I am currently looking for a new job because my current occupation is not as productive as I would like it to be, but talking to my friends about the healthcare issue, I often bring up the story about my $200 a month premium I used to pay for my own health insurance in Massachusetts working for a health care company. If I paid that much, I can’t imagine what the ordinary American is paying… The problem is how do we achieve affordable healthcare? This is where the politics diverges and we have freedom of choice on one hand with some people losing out or covering everyone without freedom of choice on the other hand. The CFAP has an excellent counterpoint table for common conservative statements:
Please do read the whole article because the need for affordable healthcare is well argued and if the issue is not addressed, it will only worsen in the next administration.
August 4th, 2008 -- Posted in American Politics, World Politics |
NPR launched a new series on healthcare last week focusing on the healthcare systems of Germany, France, Netherlands, U.K and Switzerland.

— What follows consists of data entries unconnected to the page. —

(* Let $n\ge 2$ and let $Q_n$ be the $n$-dimensional discrete binary cube. (a) $crx_1(Q_n)=4$. (b) $crx_2(Q_n)=crx_3(Q_n)=2n$. (c) $crx_k(Q_n)=2^n$ for $2^{n-1}\le k\le 2^n$.
   Context: $Q_n$ has vertex set $\{0,1\}^n$, two vectors adjacent iff they differ in exactly one coordinate. An edge-coloured cycle is rainbow if its edges have distinct colours. For a graph $G$ in which any $k$ vertices lie on a common cycle, $crx_k(G)$ is the minimum number of colours in an edge-colouring of $G$ such that every set of $k$ vertices of $G$ lies in some rainbow cycle. *)

From mathcomp Require Import all_boot.
Set Implicit Arguments. Unset Strict Implicit. Unset Printing Implicit Defensive.

Definition cube (n : nat) := {ffun 'I_n -> bool}.

Definition qadj (n : nat) : rel (cube n) :=
  fun u v => #|[set i | u i != v i]| == 1.

Definition is_cycle (n : nat) (s : seq (cube n)) : bool :=
  [&& 2 < size s, uniq s & cycle (@qadj n) s].

(* An edge colouring with (at most) m colours: edges {u,v} are represented
   as the sets [set u; v]; values on non-edges are irrelevant. *)
Definition colouring (n m : nat) := {set cube n} -> 'I_m.

Definition rainbow (n m : nat) (c : colouring n m) (s : seq (cube n)) : bool :=
  uniq [seq c [set x; next s x] | x <- s].

Definition k_rainbow_connected (n k m : nat) (c : colouring n m) : Prop :=
  forall S : {set cube n}, #|S| = k ->
    exists s : seq (cube n), [/\ @is_cycle n s, {subset S <= s} & rainbow c s].

Definition is_crx (n k m : nat) : Prop :=
  (exists c : colouring n m, @k_rainbow_connected n k m c) /\
  (forall (m' : nat) (c' : colouring n m'), @k_rainbow_connected n k m' c' -> m <= m').

From mathcomp Require Import all_boot zify.
Set Implicit Arguments. Unset Strict Implicit. Unset Printing Implicit Defensive.

(* Lower bounds: adjacent vertices of Q_n have weights of opposite parity, so
   every cycle is balanced between odd and even vertices (hence has length at
   least 4, and at least 2^n if it passes through all odd vertices), and a
   cycle through x and its antipode has length at least 2n.  A rainbow cycle
   has at most as many edges as there are colours.

   Upper bounds: for 2^n colours, colour a Hamiltonian cycle (a reflected Gray
   code) injectively.  For 2n colours (4 when k = 1), colour an edge of
   direction i by 2i or 2i + 1, the last bit being a parity of coordinates of
   index below i.  By induction on m, any three vertices of an m-subcube lie on
   a cycle of that subcube whose colours are distinct and smaller than 2m: two
   of them lie in the same half of the subcube; by induction they lie on such a
   cycle together with the mirror image z of the third vertex, and if needed
   the cycle is rerouted from an edge zt to the path z z' t' t through the
   other half.  The new edges z z' and t' t have direction m and colours 2m and
   2m + 1, because z and t differ below m, while z' t' keeps the colour of zt. *)

Lemma map_next_zip (T : eqType) (s : seq T) :
  uniq s -> [seq (w, next s w) | w <- s] = zip s (rot 1 s).
Proof.
case: s => [|a l] // Ul; rewrite rot1_cons.
have size_eq : size (a :: l) = size (rcons l a) by rewrite size_rcons.
apply: (@eq_from_nth _ (a, a)); first by rewrite size_map size_zip -size_eq minnn.
rewrite size_map => i i_lt.
rewrite (nth_map a) // nth_zip // next_nth mem_nth // index_uniq // nth_rcons.
by case: ltnP => // l_le; rewrite if_same [nth a l i]nth_default.
Qed.

Lemma next_next_neq (T : eqType) (s : seq T) x :
  uniq s -> 2 < size s -> x \in s -> next s (next s x) != x.
Proof.
move=> Us s_gt2 sx; case: (rot_to sx) => k r Er.
have Ur : uniq (x :: r) by rewrite -Er rot_uniq.
rewrite -!(next_rot k Us) Er.
have : 2 < size (x :: r) by rewrite -Er size_rot.
case: r {Er} Ur => [|a [|b r]] //= /andP [].
rewrite !inE !negb_or => /and3P [xa xb _] _ _.
have ax : (a == x) = false by rewrite eq_sym (negbTE xa).
by rewrite /next /= eqxx ax eqxx eq_sym.
Qed.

I just stumbled upon this today, so for the moment I am going to discuss Germany. A few startling facts about the German Healthcare System:
- Germany’s version of universal healthcare has existed for 125 years
- The majority of German patients are happy with the healthcare system the way it is
- The system is financed not by the Government but by the workers and their employers
- Germany has a 99.8% coverage of its 82.3 million people
- Children are completely covered until they are 18
The first part of the German series is just under 9 minutes long so please do go to NPR to listen to it because as soon as I listen to the other recordings, I will post the relevant data here. One of the biggest arguments I have heard against universal healthcare in the USA is that any such system might cause huge waits and a shortage of doctors however this is apparently another conservative rumor because according to the OECD: Germany and the USA have the same number of doctors per 1000 people. Germany beats the USA in specialists with 2.4 per 1000 people compared to the USA’s 1.7.
NPR have also developed a nifty health comparison tool which allows anyone to compare the health system in the USA to other European countries. The fact is that the healthcare system in the United States is in trouble and the best way to fix that system would be to learn from countries like Germany who have been using universal healthcare for the last 125 years and made it work.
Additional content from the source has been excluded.